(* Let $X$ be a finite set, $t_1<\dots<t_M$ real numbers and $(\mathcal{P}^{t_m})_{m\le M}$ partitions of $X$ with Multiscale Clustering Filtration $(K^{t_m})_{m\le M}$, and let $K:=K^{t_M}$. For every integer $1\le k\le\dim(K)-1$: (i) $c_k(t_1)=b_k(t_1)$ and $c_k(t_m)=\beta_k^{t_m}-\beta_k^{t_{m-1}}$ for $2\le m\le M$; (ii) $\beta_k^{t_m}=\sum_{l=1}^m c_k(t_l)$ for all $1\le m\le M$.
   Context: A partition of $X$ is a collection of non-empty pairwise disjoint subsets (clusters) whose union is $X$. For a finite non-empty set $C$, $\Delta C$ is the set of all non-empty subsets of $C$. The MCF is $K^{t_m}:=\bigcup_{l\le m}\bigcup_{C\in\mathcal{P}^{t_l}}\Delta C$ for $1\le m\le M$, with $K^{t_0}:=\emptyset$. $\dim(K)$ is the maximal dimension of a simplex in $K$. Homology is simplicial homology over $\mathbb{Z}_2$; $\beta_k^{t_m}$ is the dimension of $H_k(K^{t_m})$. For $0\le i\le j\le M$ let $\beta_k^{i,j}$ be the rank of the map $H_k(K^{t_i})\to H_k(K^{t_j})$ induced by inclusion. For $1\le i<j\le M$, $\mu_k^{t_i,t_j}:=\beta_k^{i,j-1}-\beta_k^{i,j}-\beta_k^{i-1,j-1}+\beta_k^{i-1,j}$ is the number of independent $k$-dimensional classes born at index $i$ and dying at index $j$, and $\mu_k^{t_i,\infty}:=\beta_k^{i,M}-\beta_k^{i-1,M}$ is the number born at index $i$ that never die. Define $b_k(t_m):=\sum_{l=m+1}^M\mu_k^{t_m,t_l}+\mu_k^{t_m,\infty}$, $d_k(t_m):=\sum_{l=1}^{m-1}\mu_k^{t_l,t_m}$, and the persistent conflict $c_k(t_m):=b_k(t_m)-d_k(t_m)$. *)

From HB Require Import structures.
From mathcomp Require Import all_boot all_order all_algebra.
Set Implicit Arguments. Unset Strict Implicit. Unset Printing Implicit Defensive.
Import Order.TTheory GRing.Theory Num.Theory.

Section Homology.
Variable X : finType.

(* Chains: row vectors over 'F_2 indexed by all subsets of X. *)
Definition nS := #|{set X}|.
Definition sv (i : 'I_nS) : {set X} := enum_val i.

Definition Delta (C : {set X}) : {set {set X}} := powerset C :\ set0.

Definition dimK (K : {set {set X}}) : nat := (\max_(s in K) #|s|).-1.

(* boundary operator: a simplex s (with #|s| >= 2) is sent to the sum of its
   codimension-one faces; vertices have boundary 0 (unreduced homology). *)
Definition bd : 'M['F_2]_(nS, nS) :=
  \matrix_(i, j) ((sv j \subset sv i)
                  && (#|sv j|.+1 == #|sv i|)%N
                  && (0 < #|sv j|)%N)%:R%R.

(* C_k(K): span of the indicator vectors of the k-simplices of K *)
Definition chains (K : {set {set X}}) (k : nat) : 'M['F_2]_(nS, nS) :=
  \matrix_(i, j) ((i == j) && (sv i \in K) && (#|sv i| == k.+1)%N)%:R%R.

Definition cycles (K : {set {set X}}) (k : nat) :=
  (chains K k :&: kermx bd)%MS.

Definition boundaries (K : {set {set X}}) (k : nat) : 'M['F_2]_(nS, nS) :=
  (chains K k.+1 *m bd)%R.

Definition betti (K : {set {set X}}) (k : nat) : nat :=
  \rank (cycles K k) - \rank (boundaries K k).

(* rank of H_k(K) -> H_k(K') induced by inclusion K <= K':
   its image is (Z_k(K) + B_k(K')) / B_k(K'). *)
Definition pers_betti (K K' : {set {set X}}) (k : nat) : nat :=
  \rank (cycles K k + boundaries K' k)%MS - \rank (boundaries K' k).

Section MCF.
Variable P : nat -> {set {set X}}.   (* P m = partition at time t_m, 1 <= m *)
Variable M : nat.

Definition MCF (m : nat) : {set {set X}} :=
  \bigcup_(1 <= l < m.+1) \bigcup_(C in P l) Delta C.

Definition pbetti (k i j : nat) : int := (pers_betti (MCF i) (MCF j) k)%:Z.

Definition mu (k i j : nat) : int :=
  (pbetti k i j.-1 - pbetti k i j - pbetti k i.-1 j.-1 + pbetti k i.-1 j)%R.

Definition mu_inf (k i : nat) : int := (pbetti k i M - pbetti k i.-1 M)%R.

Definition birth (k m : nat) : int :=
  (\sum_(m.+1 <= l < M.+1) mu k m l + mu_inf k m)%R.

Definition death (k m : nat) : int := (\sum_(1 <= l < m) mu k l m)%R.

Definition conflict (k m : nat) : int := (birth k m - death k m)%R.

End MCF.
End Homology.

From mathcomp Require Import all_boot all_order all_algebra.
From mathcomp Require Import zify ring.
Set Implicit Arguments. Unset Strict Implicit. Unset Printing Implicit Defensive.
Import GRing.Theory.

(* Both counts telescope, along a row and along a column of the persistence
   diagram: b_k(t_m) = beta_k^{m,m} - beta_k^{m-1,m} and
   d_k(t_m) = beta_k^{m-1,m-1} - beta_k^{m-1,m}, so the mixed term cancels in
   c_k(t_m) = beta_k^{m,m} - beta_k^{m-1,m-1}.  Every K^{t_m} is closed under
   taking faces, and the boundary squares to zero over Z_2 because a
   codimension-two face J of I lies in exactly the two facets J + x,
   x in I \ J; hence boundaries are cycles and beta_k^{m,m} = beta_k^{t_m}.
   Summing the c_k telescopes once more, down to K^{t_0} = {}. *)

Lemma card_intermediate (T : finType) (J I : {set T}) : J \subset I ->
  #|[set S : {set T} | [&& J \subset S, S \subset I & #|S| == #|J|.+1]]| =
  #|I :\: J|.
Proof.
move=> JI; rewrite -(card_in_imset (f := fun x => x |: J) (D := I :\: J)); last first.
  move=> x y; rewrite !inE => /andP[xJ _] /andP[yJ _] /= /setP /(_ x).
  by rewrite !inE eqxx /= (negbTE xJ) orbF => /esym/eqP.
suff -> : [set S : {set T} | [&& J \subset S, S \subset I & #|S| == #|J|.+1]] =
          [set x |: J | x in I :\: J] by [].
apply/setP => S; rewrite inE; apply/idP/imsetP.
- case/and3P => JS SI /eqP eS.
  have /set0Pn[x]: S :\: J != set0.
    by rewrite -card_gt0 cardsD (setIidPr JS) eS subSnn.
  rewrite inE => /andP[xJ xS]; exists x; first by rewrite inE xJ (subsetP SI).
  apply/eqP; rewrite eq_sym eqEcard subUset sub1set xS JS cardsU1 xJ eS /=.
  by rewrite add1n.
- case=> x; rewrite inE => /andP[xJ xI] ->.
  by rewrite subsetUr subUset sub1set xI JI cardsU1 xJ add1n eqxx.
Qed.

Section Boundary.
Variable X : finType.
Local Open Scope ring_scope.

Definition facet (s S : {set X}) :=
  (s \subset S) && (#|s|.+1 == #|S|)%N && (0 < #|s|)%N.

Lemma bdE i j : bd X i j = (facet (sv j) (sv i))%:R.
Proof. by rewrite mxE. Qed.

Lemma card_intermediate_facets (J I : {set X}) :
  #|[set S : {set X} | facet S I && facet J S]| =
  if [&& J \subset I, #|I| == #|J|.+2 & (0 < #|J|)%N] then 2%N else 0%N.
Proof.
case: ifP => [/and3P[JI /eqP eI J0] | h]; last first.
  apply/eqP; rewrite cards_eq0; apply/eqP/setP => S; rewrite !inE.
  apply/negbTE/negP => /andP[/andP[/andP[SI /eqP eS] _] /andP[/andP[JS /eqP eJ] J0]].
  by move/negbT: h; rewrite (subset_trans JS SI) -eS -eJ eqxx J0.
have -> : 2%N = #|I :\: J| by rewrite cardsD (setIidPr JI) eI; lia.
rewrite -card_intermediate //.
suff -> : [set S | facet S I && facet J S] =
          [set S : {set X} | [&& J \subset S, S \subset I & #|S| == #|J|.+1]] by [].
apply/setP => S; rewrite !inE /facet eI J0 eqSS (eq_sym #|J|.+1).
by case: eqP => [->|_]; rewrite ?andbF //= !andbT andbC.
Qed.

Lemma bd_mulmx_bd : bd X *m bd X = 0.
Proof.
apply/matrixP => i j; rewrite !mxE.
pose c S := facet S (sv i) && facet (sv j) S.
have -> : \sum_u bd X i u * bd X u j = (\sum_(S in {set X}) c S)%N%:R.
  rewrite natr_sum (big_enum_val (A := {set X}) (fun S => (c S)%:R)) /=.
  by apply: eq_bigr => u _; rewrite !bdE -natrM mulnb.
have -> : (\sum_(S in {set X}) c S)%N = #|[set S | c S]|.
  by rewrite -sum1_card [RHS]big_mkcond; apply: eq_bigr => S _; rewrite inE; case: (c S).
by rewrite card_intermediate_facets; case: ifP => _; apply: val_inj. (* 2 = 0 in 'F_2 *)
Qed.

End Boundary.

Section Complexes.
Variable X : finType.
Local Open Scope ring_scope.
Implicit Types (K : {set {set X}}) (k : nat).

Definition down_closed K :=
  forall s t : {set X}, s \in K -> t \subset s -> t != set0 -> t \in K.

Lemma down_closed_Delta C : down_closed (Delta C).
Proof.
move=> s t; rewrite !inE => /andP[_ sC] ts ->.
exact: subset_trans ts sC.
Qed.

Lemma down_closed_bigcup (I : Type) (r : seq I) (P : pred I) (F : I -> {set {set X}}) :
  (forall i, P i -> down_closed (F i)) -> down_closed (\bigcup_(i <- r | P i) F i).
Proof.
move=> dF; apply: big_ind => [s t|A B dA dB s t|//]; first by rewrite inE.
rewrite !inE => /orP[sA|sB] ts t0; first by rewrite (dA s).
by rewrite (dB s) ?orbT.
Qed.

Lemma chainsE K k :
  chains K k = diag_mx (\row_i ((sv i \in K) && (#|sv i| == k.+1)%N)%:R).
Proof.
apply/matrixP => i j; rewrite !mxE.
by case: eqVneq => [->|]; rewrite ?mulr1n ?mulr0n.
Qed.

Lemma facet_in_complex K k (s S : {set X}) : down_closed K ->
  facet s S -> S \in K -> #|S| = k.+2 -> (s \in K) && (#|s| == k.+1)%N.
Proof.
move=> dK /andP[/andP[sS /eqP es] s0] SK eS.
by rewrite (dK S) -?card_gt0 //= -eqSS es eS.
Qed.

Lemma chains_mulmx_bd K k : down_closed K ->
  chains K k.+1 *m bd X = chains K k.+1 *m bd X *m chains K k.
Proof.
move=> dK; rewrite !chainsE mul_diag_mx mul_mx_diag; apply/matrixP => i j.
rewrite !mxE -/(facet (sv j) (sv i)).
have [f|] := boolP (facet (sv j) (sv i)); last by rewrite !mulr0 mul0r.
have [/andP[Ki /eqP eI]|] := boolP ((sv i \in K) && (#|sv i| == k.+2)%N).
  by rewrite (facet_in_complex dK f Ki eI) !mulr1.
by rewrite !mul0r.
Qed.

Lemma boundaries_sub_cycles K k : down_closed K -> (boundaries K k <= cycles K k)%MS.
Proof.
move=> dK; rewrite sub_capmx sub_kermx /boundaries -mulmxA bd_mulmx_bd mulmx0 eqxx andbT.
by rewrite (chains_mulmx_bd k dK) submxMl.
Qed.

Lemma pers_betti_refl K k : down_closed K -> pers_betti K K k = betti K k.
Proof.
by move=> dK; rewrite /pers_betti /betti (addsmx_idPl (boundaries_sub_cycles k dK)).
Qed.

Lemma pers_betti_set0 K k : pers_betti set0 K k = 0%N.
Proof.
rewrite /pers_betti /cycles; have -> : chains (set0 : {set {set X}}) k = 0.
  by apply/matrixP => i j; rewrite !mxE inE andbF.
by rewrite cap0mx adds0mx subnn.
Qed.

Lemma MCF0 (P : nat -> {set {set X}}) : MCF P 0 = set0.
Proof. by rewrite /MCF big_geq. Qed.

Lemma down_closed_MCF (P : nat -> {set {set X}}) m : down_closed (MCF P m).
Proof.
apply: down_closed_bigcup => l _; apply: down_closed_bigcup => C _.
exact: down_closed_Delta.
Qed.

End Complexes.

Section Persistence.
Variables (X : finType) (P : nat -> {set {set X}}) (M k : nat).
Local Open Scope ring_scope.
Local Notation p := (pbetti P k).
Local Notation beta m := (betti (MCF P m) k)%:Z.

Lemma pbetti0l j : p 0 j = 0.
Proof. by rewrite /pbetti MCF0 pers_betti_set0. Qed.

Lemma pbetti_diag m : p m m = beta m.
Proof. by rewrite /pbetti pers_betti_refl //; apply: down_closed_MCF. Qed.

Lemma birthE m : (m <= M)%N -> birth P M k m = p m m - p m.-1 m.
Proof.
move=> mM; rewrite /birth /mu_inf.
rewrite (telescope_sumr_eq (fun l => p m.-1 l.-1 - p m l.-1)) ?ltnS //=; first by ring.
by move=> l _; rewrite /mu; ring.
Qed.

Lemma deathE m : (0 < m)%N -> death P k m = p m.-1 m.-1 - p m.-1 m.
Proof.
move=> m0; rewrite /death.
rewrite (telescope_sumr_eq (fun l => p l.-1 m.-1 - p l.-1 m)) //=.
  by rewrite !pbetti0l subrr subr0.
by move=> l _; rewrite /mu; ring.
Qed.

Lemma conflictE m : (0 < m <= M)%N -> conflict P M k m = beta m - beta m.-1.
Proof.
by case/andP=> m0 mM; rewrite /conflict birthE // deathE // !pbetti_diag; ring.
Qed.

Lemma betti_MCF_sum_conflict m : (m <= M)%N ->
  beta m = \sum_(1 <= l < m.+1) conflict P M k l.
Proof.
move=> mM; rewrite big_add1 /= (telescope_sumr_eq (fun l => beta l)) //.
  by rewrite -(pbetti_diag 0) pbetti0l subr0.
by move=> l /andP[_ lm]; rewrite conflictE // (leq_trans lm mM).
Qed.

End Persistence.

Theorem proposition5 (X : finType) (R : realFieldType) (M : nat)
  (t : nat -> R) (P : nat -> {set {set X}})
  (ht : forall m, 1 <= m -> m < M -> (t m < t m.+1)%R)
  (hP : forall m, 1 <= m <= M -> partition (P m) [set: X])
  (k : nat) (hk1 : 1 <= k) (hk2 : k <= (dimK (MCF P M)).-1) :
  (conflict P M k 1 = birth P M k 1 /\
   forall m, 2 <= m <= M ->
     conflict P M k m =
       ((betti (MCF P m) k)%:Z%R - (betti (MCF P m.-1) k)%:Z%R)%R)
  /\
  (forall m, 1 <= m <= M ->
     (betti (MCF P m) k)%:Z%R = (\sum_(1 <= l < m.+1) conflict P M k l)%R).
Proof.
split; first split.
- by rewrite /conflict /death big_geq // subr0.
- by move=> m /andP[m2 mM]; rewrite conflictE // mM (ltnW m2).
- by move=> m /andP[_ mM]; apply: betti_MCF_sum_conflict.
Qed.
--
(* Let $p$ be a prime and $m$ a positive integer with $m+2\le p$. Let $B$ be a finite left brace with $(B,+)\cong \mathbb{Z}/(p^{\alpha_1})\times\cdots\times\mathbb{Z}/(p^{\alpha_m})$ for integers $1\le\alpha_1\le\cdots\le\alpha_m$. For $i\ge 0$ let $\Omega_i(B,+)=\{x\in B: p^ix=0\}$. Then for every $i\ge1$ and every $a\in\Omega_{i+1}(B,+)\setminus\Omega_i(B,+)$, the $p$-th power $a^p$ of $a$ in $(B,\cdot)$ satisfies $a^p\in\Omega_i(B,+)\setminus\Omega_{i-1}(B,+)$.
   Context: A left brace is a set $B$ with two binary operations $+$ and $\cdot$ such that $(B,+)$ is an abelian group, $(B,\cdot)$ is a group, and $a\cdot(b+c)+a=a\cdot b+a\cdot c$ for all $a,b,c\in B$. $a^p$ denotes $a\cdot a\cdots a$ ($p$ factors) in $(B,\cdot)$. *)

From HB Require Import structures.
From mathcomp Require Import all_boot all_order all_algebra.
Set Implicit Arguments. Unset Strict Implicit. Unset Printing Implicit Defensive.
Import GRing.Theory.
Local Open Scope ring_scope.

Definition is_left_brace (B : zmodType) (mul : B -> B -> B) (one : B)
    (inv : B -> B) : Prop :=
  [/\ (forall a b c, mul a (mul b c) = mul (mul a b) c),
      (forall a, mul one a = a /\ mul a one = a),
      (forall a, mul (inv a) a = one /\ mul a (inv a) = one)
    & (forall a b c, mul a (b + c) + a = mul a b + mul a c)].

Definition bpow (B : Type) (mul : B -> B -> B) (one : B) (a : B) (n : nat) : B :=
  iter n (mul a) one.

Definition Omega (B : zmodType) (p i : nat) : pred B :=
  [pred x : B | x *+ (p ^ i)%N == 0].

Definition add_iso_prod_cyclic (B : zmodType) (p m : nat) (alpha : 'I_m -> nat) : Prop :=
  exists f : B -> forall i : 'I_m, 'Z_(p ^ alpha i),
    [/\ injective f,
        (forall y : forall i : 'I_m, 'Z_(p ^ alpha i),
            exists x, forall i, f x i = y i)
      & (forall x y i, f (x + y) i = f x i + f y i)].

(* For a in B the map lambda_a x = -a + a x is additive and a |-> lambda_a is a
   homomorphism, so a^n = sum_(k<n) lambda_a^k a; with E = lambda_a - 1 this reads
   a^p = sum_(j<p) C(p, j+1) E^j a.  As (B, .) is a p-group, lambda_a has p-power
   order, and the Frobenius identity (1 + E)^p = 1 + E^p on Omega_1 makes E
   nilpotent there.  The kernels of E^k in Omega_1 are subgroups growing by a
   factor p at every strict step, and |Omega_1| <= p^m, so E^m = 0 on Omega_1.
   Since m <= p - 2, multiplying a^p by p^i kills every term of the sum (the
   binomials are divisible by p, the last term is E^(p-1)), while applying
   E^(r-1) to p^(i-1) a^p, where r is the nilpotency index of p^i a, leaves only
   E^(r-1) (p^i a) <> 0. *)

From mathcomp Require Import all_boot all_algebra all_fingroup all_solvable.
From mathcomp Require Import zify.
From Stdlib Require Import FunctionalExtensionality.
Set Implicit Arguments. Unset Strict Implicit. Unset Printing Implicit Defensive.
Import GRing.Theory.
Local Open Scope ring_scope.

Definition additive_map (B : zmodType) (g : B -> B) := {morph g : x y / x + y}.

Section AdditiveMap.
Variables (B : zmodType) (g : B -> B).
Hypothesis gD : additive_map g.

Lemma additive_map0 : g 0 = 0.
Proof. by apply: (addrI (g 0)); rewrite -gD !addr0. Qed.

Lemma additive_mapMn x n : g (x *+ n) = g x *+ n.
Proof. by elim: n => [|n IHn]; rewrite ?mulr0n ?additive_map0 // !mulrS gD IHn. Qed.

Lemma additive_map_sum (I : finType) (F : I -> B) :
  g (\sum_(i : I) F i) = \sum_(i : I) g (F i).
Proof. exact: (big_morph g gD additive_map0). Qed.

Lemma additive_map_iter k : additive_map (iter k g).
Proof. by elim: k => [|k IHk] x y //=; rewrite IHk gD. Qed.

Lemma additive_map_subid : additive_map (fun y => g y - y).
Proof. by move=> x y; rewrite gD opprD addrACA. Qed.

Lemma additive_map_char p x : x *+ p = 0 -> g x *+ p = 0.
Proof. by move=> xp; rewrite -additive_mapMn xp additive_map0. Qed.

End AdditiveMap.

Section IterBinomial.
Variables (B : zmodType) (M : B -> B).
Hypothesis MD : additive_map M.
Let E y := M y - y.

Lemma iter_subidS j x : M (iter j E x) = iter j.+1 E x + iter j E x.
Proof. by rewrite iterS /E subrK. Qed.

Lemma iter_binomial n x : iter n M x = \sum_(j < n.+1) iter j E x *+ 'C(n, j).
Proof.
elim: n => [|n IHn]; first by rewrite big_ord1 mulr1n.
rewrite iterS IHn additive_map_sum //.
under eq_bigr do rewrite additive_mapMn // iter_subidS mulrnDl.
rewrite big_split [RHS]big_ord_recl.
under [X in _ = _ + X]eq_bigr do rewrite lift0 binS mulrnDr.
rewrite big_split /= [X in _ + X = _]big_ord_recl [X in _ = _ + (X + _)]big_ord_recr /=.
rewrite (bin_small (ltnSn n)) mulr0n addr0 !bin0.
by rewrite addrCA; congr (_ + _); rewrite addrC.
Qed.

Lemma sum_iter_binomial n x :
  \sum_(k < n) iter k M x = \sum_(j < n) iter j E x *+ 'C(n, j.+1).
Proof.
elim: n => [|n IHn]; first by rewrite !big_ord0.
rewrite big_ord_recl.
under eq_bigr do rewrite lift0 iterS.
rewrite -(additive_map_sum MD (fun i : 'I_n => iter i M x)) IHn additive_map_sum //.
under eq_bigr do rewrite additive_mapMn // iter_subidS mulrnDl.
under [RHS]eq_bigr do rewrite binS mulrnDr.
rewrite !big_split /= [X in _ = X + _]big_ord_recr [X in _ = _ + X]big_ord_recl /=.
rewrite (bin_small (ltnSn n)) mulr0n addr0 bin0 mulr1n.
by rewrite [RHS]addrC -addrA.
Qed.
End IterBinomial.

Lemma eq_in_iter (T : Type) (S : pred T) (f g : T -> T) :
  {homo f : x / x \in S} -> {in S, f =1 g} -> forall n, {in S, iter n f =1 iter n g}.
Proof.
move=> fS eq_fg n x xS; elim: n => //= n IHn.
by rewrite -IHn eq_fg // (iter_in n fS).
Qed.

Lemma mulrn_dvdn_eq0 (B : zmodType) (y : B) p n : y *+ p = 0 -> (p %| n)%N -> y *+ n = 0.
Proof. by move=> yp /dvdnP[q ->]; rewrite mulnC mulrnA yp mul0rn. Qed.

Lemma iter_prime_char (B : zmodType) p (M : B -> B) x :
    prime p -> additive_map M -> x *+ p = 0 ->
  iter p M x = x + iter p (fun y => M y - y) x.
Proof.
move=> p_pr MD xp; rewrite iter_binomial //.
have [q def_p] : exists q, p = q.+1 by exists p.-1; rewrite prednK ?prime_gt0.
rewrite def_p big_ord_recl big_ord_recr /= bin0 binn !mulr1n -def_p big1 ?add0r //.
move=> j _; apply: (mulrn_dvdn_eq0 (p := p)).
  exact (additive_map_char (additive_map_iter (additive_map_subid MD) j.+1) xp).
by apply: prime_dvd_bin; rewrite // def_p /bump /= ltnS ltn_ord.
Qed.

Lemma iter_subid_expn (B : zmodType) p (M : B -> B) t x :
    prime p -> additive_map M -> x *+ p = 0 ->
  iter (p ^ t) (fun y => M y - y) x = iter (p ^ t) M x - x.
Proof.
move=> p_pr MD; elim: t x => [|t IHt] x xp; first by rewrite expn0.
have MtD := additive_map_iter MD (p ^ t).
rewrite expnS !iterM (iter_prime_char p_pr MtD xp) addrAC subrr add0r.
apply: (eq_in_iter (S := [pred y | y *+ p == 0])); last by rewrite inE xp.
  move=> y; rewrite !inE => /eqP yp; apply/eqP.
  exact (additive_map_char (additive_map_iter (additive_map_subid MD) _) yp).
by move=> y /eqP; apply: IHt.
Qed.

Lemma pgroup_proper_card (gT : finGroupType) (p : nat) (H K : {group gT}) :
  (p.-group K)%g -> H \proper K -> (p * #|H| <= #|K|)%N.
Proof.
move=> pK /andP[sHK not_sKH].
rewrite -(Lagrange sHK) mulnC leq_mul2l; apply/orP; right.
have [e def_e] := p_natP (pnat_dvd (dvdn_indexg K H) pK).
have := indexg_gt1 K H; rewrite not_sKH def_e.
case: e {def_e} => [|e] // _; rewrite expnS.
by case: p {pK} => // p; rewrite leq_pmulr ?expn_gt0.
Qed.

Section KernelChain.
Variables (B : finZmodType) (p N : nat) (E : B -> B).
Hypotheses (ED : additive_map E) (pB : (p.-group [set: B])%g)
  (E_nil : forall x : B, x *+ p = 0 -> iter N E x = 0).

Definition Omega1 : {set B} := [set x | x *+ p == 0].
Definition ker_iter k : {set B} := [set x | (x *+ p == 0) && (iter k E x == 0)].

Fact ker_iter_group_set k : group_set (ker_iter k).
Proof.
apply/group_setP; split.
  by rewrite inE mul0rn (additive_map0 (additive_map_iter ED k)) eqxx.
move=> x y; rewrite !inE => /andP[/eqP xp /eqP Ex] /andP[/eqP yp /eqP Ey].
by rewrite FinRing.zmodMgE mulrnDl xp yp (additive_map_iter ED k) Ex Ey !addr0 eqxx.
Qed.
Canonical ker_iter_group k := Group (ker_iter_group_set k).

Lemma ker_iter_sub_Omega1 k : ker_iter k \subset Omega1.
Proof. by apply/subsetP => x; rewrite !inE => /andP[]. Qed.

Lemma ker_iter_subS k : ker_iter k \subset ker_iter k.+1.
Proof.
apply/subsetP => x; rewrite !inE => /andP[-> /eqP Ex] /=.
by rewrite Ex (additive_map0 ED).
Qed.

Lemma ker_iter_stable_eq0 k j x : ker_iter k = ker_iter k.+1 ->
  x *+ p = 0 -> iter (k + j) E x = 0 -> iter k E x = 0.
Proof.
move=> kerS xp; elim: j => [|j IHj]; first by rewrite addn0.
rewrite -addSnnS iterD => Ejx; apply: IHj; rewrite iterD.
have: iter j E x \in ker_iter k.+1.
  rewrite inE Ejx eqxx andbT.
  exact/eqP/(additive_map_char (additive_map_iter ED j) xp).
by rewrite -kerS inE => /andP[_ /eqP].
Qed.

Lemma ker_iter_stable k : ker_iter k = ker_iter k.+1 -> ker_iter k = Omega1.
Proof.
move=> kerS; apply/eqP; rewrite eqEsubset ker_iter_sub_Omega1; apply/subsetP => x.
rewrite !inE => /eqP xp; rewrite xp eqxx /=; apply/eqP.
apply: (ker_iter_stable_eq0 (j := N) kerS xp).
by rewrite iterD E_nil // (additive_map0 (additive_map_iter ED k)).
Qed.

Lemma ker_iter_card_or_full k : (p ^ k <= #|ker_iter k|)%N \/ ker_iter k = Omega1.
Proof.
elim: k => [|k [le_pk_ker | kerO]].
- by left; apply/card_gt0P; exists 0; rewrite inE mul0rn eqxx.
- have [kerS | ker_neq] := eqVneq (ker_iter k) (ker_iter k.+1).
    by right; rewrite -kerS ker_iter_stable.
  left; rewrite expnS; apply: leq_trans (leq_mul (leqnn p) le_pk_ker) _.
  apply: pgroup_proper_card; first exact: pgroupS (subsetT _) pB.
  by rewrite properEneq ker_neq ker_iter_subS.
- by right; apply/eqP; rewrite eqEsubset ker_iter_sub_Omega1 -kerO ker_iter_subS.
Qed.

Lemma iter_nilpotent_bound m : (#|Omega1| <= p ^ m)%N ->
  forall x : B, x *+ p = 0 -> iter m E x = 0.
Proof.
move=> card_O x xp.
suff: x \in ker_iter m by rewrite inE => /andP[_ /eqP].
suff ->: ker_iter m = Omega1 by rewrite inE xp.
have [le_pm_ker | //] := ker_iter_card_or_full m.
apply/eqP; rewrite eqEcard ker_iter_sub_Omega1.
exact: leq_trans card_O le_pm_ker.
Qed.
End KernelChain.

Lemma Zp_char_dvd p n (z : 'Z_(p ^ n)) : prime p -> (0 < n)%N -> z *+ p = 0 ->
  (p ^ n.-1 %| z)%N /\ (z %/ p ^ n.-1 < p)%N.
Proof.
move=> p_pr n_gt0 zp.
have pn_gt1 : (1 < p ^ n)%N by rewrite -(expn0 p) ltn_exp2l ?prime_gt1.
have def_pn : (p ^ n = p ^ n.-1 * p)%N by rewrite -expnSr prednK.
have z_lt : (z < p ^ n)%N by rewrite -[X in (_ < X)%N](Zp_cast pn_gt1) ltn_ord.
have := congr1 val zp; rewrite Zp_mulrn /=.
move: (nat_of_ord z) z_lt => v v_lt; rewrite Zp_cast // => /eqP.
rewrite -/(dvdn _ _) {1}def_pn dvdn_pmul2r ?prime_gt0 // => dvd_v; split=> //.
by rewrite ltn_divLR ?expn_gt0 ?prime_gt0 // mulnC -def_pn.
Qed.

- **Exercise objective**:
What you return must be the lines above that run from the line with "Hypothesis MD : additive_map M." to the line with "rewrite iterS IHn additive_map_sum //.", inclusive, each copied exactly.

- **Response to the exercise**:
Hypothesis MD : additive_map M.
Let E y := M y - y.

Lemma iter_subidS j x : M (iter j E x) = iter j.+1 E x + iter j E x.
Proof. by rewrite iterS /E subrK. Qed.

Lemma iter_binomial n x : iter n M x = \sum_(j < n.+1) iter j E x *+ 'C(n, j).
Proof.
elim: n => [|n IHn]; first by rewrite big_ord1 mulr1n.
rewrite iterS IHn additive_map_sum //.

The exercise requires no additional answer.